→ **The task**
Transcribe exactly the lines that fall between the one holding "by rewrite !mxE;" and the one holding "move=> h; apply/matrixP => i j.", inclusive, from the entries below.
*** Records shown ***
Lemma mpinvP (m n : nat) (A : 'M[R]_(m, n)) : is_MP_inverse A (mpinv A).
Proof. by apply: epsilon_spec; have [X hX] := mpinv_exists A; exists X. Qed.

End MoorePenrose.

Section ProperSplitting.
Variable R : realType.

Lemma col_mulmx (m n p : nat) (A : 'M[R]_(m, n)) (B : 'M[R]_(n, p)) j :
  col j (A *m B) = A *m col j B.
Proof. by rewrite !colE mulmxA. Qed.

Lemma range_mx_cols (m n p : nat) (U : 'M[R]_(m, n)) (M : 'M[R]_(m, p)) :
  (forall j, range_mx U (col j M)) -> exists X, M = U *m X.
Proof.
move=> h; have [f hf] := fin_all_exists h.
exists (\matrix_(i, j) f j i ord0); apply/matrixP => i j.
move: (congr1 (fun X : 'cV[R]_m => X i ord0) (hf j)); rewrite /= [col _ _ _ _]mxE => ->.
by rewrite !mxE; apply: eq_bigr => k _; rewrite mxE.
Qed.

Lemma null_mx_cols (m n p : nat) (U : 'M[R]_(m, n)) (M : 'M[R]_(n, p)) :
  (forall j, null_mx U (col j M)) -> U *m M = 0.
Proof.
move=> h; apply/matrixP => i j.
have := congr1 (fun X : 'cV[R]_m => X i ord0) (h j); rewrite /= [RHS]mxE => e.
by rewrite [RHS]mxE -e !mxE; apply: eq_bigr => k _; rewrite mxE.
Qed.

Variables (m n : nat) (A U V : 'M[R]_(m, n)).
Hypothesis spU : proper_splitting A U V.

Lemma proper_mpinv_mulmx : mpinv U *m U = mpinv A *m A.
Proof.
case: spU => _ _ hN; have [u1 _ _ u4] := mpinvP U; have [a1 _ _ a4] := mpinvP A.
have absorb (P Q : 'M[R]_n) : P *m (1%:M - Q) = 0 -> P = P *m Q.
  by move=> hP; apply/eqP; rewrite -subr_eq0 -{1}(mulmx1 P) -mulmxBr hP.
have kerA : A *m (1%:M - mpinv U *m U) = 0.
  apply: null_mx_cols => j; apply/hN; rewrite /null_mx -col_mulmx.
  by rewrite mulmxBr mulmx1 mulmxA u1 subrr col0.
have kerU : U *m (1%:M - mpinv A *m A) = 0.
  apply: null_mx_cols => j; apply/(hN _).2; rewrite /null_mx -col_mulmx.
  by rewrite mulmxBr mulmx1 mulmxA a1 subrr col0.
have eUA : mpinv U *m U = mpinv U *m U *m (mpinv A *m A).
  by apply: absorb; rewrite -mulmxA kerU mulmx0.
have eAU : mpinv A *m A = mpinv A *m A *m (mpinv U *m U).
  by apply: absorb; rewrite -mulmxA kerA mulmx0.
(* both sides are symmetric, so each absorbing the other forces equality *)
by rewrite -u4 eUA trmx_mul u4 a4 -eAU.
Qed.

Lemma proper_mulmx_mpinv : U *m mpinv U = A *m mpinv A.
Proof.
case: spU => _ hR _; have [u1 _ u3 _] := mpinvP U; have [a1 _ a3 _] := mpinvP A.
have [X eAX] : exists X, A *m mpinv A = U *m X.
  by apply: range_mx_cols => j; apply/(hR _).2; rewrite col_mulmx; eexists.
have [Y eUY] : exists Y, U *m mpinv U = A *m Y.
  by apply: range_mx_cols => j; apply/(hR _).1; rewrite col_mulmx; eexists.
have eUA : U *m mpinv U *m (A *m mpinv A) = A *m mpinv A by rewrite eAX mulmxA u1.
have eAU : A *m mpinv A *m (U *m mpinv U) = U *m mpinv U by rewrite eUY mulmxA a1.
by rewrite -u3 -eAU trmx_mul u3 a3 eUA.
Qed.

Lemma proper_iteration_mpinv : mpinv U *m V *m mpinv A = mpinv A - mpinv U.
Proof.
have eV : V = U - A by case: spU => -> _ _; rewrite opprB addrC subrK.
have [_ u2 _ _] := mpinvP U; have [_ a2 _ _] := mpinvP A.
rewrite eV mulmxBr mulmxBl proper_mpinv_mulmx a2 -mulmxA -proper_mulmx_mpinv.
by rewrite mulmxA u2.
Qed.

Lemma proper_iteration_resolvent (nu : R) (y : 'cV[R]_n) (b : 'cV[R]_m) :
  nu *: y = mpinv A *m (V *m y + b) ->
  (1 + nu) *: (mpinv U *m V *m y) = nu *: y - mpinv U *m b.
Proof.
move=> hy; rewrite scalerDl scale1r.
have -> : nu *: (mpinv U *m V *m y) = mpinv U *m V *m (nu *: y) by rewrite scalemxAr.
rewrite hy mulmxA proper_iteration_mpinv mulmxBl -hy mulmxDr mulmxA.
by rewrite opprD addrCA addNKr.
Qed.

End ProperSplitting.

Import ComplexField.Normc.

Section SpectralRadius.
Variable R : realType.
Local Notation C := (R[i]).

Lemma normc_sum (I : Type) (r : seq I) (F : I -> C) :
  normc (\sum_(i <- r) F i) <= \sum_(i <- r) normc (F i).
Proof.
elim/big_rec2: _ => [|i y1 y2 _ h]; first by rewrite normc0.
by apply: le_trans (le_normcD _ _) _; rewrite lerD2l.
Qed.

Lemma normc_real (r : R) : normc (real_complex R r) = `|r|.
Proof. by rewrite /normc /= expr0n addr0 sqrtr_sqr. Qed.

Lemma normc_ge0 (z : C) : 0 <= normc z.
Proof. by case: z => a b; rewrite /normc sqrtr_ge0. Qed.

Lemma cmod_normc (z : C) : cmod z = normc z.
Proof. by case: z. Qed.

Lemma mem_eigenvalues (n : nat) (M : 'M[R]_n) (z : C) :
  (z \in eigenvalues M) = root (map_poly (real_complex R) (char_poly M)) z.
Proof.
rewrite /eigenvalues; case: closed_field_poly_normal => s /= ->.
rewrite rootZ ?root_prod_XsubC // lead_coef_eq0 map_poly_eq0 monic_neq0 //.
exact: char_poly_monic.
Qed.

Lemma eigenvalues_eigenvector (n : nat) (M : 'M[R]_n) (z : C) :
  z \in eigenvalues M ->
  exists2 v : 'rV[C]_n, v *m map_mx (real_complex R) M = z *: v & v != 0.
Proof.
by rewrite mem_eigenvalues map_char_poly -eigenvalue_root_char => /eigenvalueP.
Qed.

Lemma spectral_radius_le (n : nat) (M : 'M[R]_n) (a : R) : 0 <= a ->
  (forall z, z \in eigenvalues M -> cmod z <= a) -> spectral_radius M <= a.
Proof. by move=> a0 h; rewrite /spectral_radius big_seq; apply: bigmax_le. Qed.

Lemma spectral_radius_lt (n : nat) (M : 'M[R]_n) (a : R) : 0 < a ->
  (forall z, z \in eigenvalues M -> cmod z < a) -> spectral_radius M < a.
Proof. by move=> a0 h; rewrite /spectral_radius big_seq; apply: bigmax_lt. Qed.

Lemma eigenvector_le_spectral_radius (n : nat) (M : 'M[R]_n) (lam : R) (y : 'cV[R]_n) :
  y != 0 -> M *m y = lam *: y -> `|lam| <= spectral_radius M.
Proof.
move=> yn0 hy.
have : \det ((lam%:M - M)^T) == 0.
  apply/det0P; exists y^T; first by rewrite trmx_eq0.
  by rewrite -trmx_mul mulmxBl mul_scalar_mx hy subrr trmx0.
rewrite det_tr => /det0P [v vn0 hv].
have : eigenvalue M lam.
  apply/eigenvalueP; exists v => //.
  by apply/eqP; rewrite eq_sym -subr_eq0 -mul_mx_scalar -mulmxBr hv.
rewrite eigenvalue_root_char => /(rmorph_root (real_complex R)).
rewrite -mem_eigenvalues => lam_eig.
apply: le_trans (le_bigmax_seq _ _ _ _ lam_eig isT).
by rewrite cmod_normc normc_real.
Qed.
*** End of Records shown ***
→ **Task answer**
by rewrite !mxE; apply: eq_bigr => k _; rewrite mxE.
Qed.

Lemma null_mx_cols (m n p : nat) (U : 'M[R]_(m, n)) (M : 'M[R]_(n, p)) :
  (forall j, null_mx U (col j M)) -> U *m M = 0.
Proof.
move=> h; apply/matrixP => i j.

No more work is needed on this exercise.